Records from a data source
(* A completely simple semigroup $S=(G,P,\Lambda,I)$ is an equational domain in the language $\mathcal{L}_S=\{\cdot,{}^{-1}\}\cup\{s\mid s\in S\}$ if and only if both of the following hold: (1) the sandwich matrix $P$ is non-singular; (2) the structural group $G$ is an equational domain in the group language $\mathcal{L}_G$.
   Context: Rees representation: a completely simple semigroup $S=(G,P,\Lambda,I)$ is given by a group $G$ (structural group), index sets $\Lambda,I$ (each containing an element $1$), and a matrix $P=(p_{i\lambda})_{i\in I,\lambda\in\Lambda}$ over $G$ (sandwich matrix) normalised so that $p_{1\lambda}=p_{i1}=1_G$; elements are triples $(\lambda,g,i)$ with product $(\lambda,g,i)(\mu,h,j)=(\lambda,gp_{i\mu}h,j)$ and inversion $(\lambda,g,i)^{-1}=(\lambda,p_{i\lambda}^{-1}g^{-1}p_{i\lambda}^{-1},i)$. $P$ is non-singular if it has no two equal rows and no two equal columns. The language $\mathcal{L}_S$ has a constant for each element of $S$; the group language $\mathcal{L}_G$ is $\{\cdot,{}^{-1},1\}$ plus a constant for each element of $G$. An equation is an equality of two terms; a system is a set of equations; an algebraic set is the solution set of a system; a structure is an equational domain (e.d.) if every finite union of algebraic sets is algebraic. *)

From mathcomp Require Import all_boot.
Set Implicit Arguments. Unset Strict Implicit. Unset Printing Implicit Defensive.

Record AbsGroup := {
  gcar :> Type;
  gmul : gcar -> gcar -> gcar;
  ginv : gcar -> gcar;
  gone : gcar;
  gmulA : forall x y z, gmul x (gmul y z) = gmul (gmul x y) z;
  gmul1l : forall x, gmul gone x = x;
  gmul1r : forall x, gmul x gone = x;
  gmulVl : forall x, gmul (ginv x) x = gone;
  gmulVr : forall x, gmul x (ginv x) = gone
}.

Section Generic.
Variable A : Type.
Variable Tm : nat -> Type.
Variable ev : forall n, Tm n -> ('I_n -> A) -> A.

Definition solution_set n (Sys : Tm n * Tm n -> Prop) : ('I_n -> A) -> Prop :=
  fun x => forall e, Sys e -> ev e.1 x = ev e.2 x.

Definition algebraic n (Y : ('I_n -> A) -> Prop) : Prop :=
  exists Sys : Tm n * Tm n -> Prop, forall x, Y x <-> solution_set Sys x.

Definition equational_domain : Prop :=
  forall (n m : nat) (Y : 'I_m.+1 -> ('I_n -> A) -> Prop),
    (forall k, algebraic (Y k)) ->
    algebraic (fun x => exists k, Y k x).
End Generic.

Inductive gterm (G : Type) (n : nat) : Type :=
  | GVar of 'I_n
  | GCst of G
  | GOne
  | GMul of gterm G n & gterm G n
  | GInv of gterm G n.

Fixpoint geval (G : AbsGroup) n (t : gterm G n) (x : 'I_n -> G) : G :=
  match t with
  | GVar i => x i
  | GCst c => c
  | GOne => gone G
  | GMul t1 t2 => gmul (geval t1 x) (geval t2 x)
  | GInv t1 => ginv (geval t1 x)
  end.

Definition group_ed (G : AbsGroup) : Prop :=
  equational_domain (@geval G).

Inductive sterm (S : Type) (n : nat) : Type :=
  | SVar of 'I_n
  | SCst of S
  | SMul of sterm S n & sterm S n
  | SInv of sterm S n.

Fixpoint seval (S : Type) (mul : S -> S -> S) (inv : S -> S) n
    (t : sterm S n) (x : 'I_n -> S) : S :=
  match t with
  | SVar i => x i
  | SCst c => c
  | SMul t1 t2 => mul (seval mul inv t1 x) (seval mul inv t2 x)
  | SInv t1 => inv (seval mul inv t1 x)
  end.

Section Rees.
Variables (G : AbsGroup) (Lam I : Type) (P : I -> Lam -> G).

Definition rees_car : Type := (Lam * G * I)%type.

Definition rees_mul (a b : rees_car) : rees_car :=
  let: (l, g, i) := a in let: (m, h, j) := b in
  (l, gmul (gmul g (P i m)) h, j).

Definition rees_inv (a : rees_car) : rees_car :=
  let: (l, g, i) := a in
  (l, gmul (gmul (ginv (P i l)) (ginv g)) (ginv (P i l)), i).

Definition rees_ed : Prop :=
  equational_domain (@seval rees_car rees_mul rees_inv).

Definition normalised (l1 : Lam) (i1 : I) : Prop :=
  (forall l, P i1 l = gone G) /\ (forall i, P i l1 = gone G).

Definition nonsingular : Prop :=
  (forall i j : I, (forall l, P i l = P j l) -> i = j) /\
  (forall l m : Lam, (forall i, P i l = P i m) -> l = m).
End Rees.

From mathcomp Require Import all_boot.
From Stdlib Require Import Classical IndefiniteDescription.
Set Implicit Arguments. Unset Strict Implicit. Unset Printing Implicit Defensive.

(* If two columns [l], [m] of [P] coincide, then [a = (l, 1, i)] and [b = (m, 1, i)]
   are indistinguishable by terms except through the [Lam]-component of a value,
   which is that of the leftmost variable or constant; hence any equation true at
   [(a, b)] and [(b, a)] is true at [(a, a)], and the union of these two points is
   not algebraic.  Rows are symmetric.  The structural group is the maximal subgroup
   [H_{1 1} = {(1, g, 1)}], which is algebraic ([x = e x e]) and on which [S]-terms
   reduce to [G]-terms, so finite unions transfer from [H_{1 1}] to [G].
   Conversely, for non-singular [P] the maps [a |-> (1, 1, j) a (m, 1, 1)] into
   [H_{1 1}] jointly separate points, so "some equation [t1 = t2] of some system
   holds" becomes "some coordinate pair of a point of [G^(2k)] coincides", an
   algebraic condition when [G] is an equational domain. *)


Section GroupFacts.
Variable G : AbsGroup.

Lemma ginv1 : ginv (gone G) = gone G.
Proof. by rewrite -[ginv _](@gmul1l G) gmulVr. Qed.

Lemma gmulI (g : G) : injective (gmul g).
Proof.
by move=> a b h; rewrite -[a](@gmul1l G) -(@gmulVl G g) -gmulA h gmulA gmulVl gmul1l.
Qed.

Lemma gmulIg (g : G) : injective ((@gmul G)^~ g).
Proof.
by move=> a b /= h; rewrite -[a](@gmul1r G) -(@gmulVr G g) gmulA h -gmulA gmulVr gmul1r.
Qed.

End GroupFacts.

Lemma algebraic_ext (A : Type) (Tm : nat -> Type) (ev : forall n, Tm n -> ('I_n -> A) -> A)
    n (Y Y' : ('I_n -> A) -> Prop) :
  (forall x, Y x <-> Y' x) -> algebraic ev Y -> algebraic ev Y'.
Proof. by move=> YY' [Sys hSys]; exists Sys => x; rewrite -YY'. Qed.

Lemma union_solution_sets (A : Type) (Tm : nat -> Type)
    (ev : forall n, Tm n -> ('I_n -> A) -> A) n m (Sys : 'I_m.+1 -> Tm n * Tm n -> Prop) x :
  (exists k, solution_set ev (Sys k) x) <->
  forall c : 'I_m.+1 -> Tm n * Tm n,
    (forall k, Sys k (c k)) -> exists k, ev _ (c k).1 x = ev _ (c k).2 x.
Proof.
split=> [[k xk] c c_in | all_c]; first by exists k; apply: xk.
apply: NNPP => no_k.
have fails k : exists e, Sys k e /\ ev _ e.1 x <> ev _ e.2 x.
  apply: NNPP => hk; apply: no_k; exists k => e e_in.
  by apply: NNPP => ne; apply: hk; exists e.
have [c hc] := functional_choice _ fails.
by have [k] := all_c c (fun k => proj1 (hc k)); apply: (proj2 (hc k)).
Qed.

Section TermAlgebra.
Variables (S : Type) (mul : S -> S -> S) (inv : S -> S).
Local Notation sev := (seval mul inv).
Local Notation algebraicS := (algebraic (@seval S mul inv)).

Lemma point_algebraic n (p : 'I_n -> S) : algebraicS (fun x => forall v, x v = p v).
Proof.
exists (fun e => exists v, e = (SVar S v, SCst n (p v))) => x; split.
- by move=> xp e [v ->] /=.
- by move=> xp v; apply: (xp _ (ex_intro _ v erefl)).
Qed.

Section Congruence.
Variables (R : S -> S -> Prop) (X : Type) (pr : S -> X).
Hypotheses (R_refl : forall a, R a a) (R_sym : forall a b, R a b -> R b a)
  (R_trans : forall a b c, R a b -> R b c -> R a c).
Hypothesis R_mul : forall a a' b b', R a a' -> R b b' -> R (mul a b) (mul a' b').
Hypothesis R_inv : forall a a', R a a' -> R (inv a) (inv a').
Hypothesis R_pr_inj : forall a b, R a b -> pr a = pr b -> a = b.
Hypothesis pr_mul : (forall a b, pr (mul a b) = pr a) \/ (forall a b, pr (mul a b) = pr b).
Hypothesis pr_inv : forall a, pr (inv a) = pr a.

Lemma seval_congr n (t : sterm S n) x y :
  (forall v, R (x v) (y v)) -> R (sev t x) (sev t y).
Proof. by move=> xy; elim: t => [v|c|a iha b ihb|a iha] /=; auto. Qed.

Lemma pr_seval_head n (t : sterm S n) :
  (exists v, forall x, pr (sev t x) = pr (x v)) \/ (exists c, forall x, pr (sev t x) = pr c).
Proof.
elim: t => [v|c|a iha b ihb|a iha] /=.
- by left; exists v.
- by right; exists c.
- by case: pr_mul => prM; [move: iha | move: ihb] => -[[w hw]|[c hc]];
    [left; exists w | right; exists c | left; exists w | right; exists c] => x;
    rewrite prM.
- by case: iha => [[w hw]|[c hc]]; [left; exists w | right; exists c] => x; rewrite pr_inv.
Qed.

(* Every equation holding at both [(a, b)] and [(b, a)] also holds at [(a, a)]:
   [pr] of a term value is read off a single variable or constant, and R-classes
   are separated by [pr]. *)
Lemma congr_trivial_of_ed : equational_domain (@seval S mul inv) ->
  forall a b, R a b -> a = b.
Proof.
move=> hed a b ab.
pose pab (v : 'I_2) := if v == ord0 then a else b.
pose pba (v : 'I_2) := if v == ord0 then b else a.
pose pk (k : 'I_2) := if k == ord0 then pab else pba.
have [Sys hSys] := hed 2 1 (fun k x => forall v, x v = pk k v)
  (fun k => point_algebraic (pk k)).
have Sab : solution_set sev Sys pab by apply/hSys; exists ord0.
have Sba : solution_set sev Sys pba by apply/hSys; exists ord_max.
have Saa : solution_set sev Sys (fun _ => a).
  move=> [t1 t2] /= e_in.
  have e_ab := Sab _ e_in; have e_ba := Sba _ e_in; rewrite /= in e_ab e_ba.
  have a_pab v : R a (pab v) by rewrite /pab; case: (v == ord0).
  apply: R_pr_inj.
    apply: R_trans (seval_congr t1 a_pab) _; rewrite e_ab.
    exact/R_sym/(seval_congr t2 a_pab).
  have a_in v : pab v = a \/ pba v = a by rewrite /pab /pba; case: (v == ord0); auto.
  case: (pr_seval_head t1) => [[v hv]|[c hc]];
    case: (pr_seval_head t2) => [[w hw]|[d hd]]; rewrite ?hv ?hw ?hc ?hd //.
  + move: (hv pab) (hv pba); rewrite e_ab e_ba !hd.
    by case: (a_in v) => -> ? ?; congruence.
  + move: (hw pab) (hw pba); rewrite -e_ab -e_ba !hc.
    by case: (a_in w) => -> ? ?; congruence.
  + by rewrite -(hc pab) -(hd pab) e_ab.
have [k hk] := proj2 (hSys _) Saa.
move: (hk ord0) (hk ord_max); rewrite /pk /pab /pba.
by case: (k == ord0) => /=.
Qed.

End Congruence.
End TermAlgebra.

Section Rees.
Variables (G : AbsGroup) (Lam Ix : Type) (P : Ix -> Lam -> G).

Local Notation S := (rees_car G Lam Ix).
Local Notation mul := (rees_mul P).
Local Notation inv := (rees_inv P).
Local Notation sev := (seval mul inv).

Definition col_equiv (a b : S) :=
  [/\ a.1.2 = b.1.2, a.2 = b.2 & forall i, P i a.1.1 = P i b.1.1].

Definition row_equiv (a b : S) :=
  [/\ a.1.1 = b.1.1, a.1.2 = b.1.2 & forall l, P a.2 l = P b.2 l].

Lemma rees_ed_col_equiv : rees_ed P -> forall a b, col_equiv a b -> a = b.
Proof.
apply: (congr_trivial_of_ed (pr := fun a : S => a.1.1)).
- by move=> a; split.
- by move=> a b [? ? ?]; split.
- by move=> a b c [? ? ab] [? ? bc]; split; congruence.
- move=> [[l g] i] [[l' g'] i'] [[m h] j] [[m' h'] j'] [/= <- <- Pl] [/= <- <- Pm].
  by split=> //=; rewrite Pm.
- by move=> [[l g] i] [[l' g'] i'] [/= <- <- Pl]; split=> //=; rewrite Pl.
- by move=> [[l g] i] [[l' g'] i'] [/= <- <- _] /= ->.
- by left; move=> [[? ?] ?] [[? ?] ?].
- by move=> [[? ?] ?].
Qed.

Lemma rees_ed_row_equiv : rees_ed P -> forall a b, row_equiv a b -> a = b.
Proof.
apply: (congr_trivial_of_ed (pr := fun a : S => a.2)).
- by move=> a; split.
- by move=> a b [? ? ?]; split.
- by move=> a b c [? ? ab] [? ? bc]; split; congruence.
- move=> [[l g] i] [[l' g'] i'] [[m h] j] [[m' h'] j'] [/= <- <- Pi] [/= <- <- Pj].
  by split=> //=; rewrite Pi.
- by move=> [[l g] i] [[l' g'] i'] [/= <- <- Pi]; split=> //=; rewrite Pi.
- by move=> [[l g] i] [[l' g'] i'] [/= <- <- _] /= ->.
- by right; move=> [[? ?] ?] [[? ?] ?].
- by move=> [[? ?] ?].
Qed.

Lemma nonsingular_of_rees_ed (l1 : Lam) (i1 : Ix) : rees_ed P -> nonsingular P.
Proof.
move=> hed; split.
- move=> i j Pij.
  have [] : (l1, gone G, i) = (l1, gone G, j) :> S by apply: rees_ed_row_equiv.
  done.
- move=> l m Plm.
  have [] : (l, gone G, i1) = (m, gone G, i1) :> S by apply: rees_ed_col_equiv.
  done.
Qed.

WHAT NEEDS TO BE DONE
What is needed is an exact copy of the lines above, from the one containing "have Sba : solution_set" through the one containing "have a_in v", with nothing added.

SOLUTION TO THE EXERCISE
have Sba : solution_set sev Sys pba by apply/hSys; exists ord_max.
have Saa : solution_set sev Sys (fun _ => a).
  move=> [t1 t2] /= e_in.
  have e_ab := Sab _ e_in; have e_ba := Sba _ e_in; rewrite /= in e_ab e_ba.
  have a_pab v : R a (pab v) by rewrite /pab; case: (v == ord0).
  apply: R_pr_inj.
    apply: R_trans (seval_congr t1 a_pab) _; rewrite e_ab.
    exact/R_sym/(seval_congr t2 a_pab).
  have a_in v : pab v = a \/ pba v = a by rewrite /pab /pba; case: (v == ord0); auto.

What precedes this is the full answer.